I’m pretty sure that long road trips play games with my
head and make me reminisce about the good ol’ days from my past when everything
was so much simpler. That’s what happens when you stumble on to a 90’s hits
playlist on Spotify somewhere in between Scipio and Beaver.
For full effect, download “Walking on Broken Glass” by Annie Lennox, and play at maximum volume throughout the duration of this post.
And why did I choose that symphony you may ask? Because it is the theme song
that epitomizes the decade I miss with a passion.
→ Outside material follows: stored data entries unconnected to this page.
(* For $x,y\in\mathrm{dS}^d$ the following are equivalent: (i) $(x,y)\in G_{\mathbb C}.(\Xi_+\times\Xi_+)$; (ii) $\beta(x,y)>-1$; (iii) $\beta(x-y,x-y)<0$. In particular $\{x\in\mathrm{dS}^d:(x,e_1)\in G_{\mathbb C}.(\Xi_+\times\Xi_+)\}=\{x\in\mathrm{dS}^d: x_1<1\}$.
   Context: Let $d\ge1$. On $\mathbb C^{1+d}$ (standard basis $e_0,\dots,e_d$) let $\beta(z,w)=z_0w_0-z_1w_1-\dots-z_dw_d$, $V=\mathbb R^{1+d}$, $V_+=\{x\in V:x_0>0,\beta(x,x)>0\}$, $\mathrm{dS}^d_{\mathbb C}=\{z:\beta(z,z)=-1\}$, $\mathrm{dS}^d=\mathrm{dS}^d_{\mathbb C}\cap V$ (de Sitter space), $\Xi_+=\mathrm{dS}^d_{\mathbb C}\cap(V+iV_+)$. $G_{\mathbb C}=\mathrm{SO}_{1+d}(\mathbb C)$ (determinant-one complex linear maps preserving $\beta$) acts on pairs by $g.(z,w)=(gz,\overline g w)$, where $\overline g$ is the entrywise complex conjugate. *)

From HB Require Import structures.
From mathcomp Require Import all_boot all_order all_algebra.
From mathcomp Require Import complex.
From mathcomp Require Import reals.
Set Implicit Arguments. Unset Strict Implicit. Unset Printing Implicit Defensive.
Import Order.TTheory GRing.Theory Num.Theory.
Local Open Scope ring_scope.

(* Ambient space K^{1+d} is modelled as column vectors 'cV[K]_(d.+1),
   with standard basis e_0, ..., e_d (e_i = delta_mx i 0). *)

Definition lsign {K : pzRingType} {n : nat} (i : 'I_n) : K :=
  if (i == 0 :> nat) then 1 else -1.

Definition beta {K : comPzRingType} {n : nat} (z w : 'cV[K]_n) : K :=
  \sum_(i < n) lsign i * z i 0 * w i 0.

Definition dS {R : realType} {d : nat} (x : 'cV[R]_(d.+1)) : Prop :=
  beta x x = -1.

Definition dSC {R : realType} {d : nat} (z : 'cV[R[i]]_(d.+1)) : Prop :=
  beta z z = -1.

Definition Vplus {R : realType} {d : nat} (x : 'cV[R]_(d.+1)) : Prop :=
  0 < x 0 0 /\ 0 < beta x x.

Definition cplx {R : realType} {d : nat} (x : 'cV[R]_(d.+1)) : 'cV[R[i]]_(d.+1) :=
  map_mx (real_complex R) x.

Definition Xiplus {R : realType} {d : nat} (z : 'cV[R[i]]_(d.+1)) : Prop :=
  dSC z /\ Vplus (map_mx (@complex.Im R) z).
I never thought I would ever say the phrase “Back in my
day”. That’s just an expression usually designated for someone who keeps their
teeth in jars of Alka Seltzer and is legitimately looking forward to buying a
new pack of diapers for themselves, but needless to say,” back in my day”, life
was just awesome. True story, it really was. Back in my day things were so much
simpler. Back in my day we had professional
basketball players who made blockbuster movies with an all-star cast of
cartoons and Bill Murray instead of idiot sports icons who cheated on or hit
their wives in open public.
You see kids I grew up in a decade called the 90’s. Not
to be confused with the 80’s, which was a neon concoction of Jennifer Grey
movies, Teddy Ruxpin, and hairspray. Ask my Mom, the 80’s was an ugly time in
all of our lives. The 90’s is also much different from the dreaded 00’s. How do
you even say those numbers correctly anyway? The 00’s was a bunch of TRL reruns
and Razr phones soaked in pictures of Paris Hilton. The 90’s were, well the 90’s
were just perfect. All the way from the pilot episode of The Simpsons to the introduction
of Napster and every single Goosebumps novel and slap bracelet in between. The
90’s was ten years of magic doused in Surge.
The 90’s was a decade of book covers and Bill Nye.
Birkenstocks and boy bands. The 90’s owned one-hit wonders. Lou Bega,
Chumbawamba, Sisqo, Deep Blue Something, The Rembrandts, Harvey Danger, the
list could go on for miles. How many of us have cried to The Verve’s rendition
of “Bittersweet Symphony”? It was a decade
where our own version of Spotify was when we made personal mixtapes by calling
the local radio stations and requesting our favorite songs and then hitting the
red record button on our stereo right when the guitar started to come on over
the DJ’s voice. Yeah, mixtapes kids. We
invented mixtapes. A true sign that you actually cared for another person.
90’s kids were so much more responsible in our youth. We
were more organized and productive. We were taught the principles of marriage, career,
financial, and family planning with sheets of paper with the letters M.A.S.H.
boldly scribbled at the top. We wrote out, folded and gave notes to our crushes
instead of just sending them a measly text message. Our lives weren’t dictated
by social media distractions in the palms of our hands. The 90’s were the days
when we could figure out what someone was thinking simply by asking them a
question about their life, instead of stalking their Twitter feed or liking a
bunch of pictures from their album. The 90’s was when the dial-up connection on
our home PC’s was so mind-numbingly slow that we actually went outside in our
backyards and made up our own characters and storylines.
Things have changed. Life is much more harsh, more
severe. The envelope has been pushed to its limits. Heck, when I was a
freshman my Dad once broke a Blink-182 CD because he didn’t like the fact that
it had a picture of a bunch of guys standing around in their underwear. Have you
heard Pitbull, watched Chris Brown, or seen any of the Maroon 5 album covers?
They make Mark, Tom, and Travis look like Saints. The 90’s was just so much more
smooth. Heck, the worst public offense was our President lying through his
teeth about having an affair with his secretary. Ok, never mind. That was kind of messed up.
But we still love the saxophone-playing senator from Arkansas anyway.
Skee-Lo put it best with his one-hit wonder “I Wish”. I wish
we still had the 90’s. I wish we still had bubble tape, Koosh balls, Oregon
Trail and those little pencils that had like seven different pieces of lead all
stacked on top of each other. I wish we had T.G.I.F. and Saturday morning cartoons.
I wish I could keep all my work papers in a Trapper Keeper and go home and try
to figure out where Carmen Sandiego really was hiding. I wish Macaulay Culkin
would keep slapping his face, and I could roll one pant leg up to my knee. I
wish I was a little bit taller. I wish I was a baller. I wish I had a girl who
looked good, I would call her.
Cue rabbit in a hat, with a bat, and six-four impala.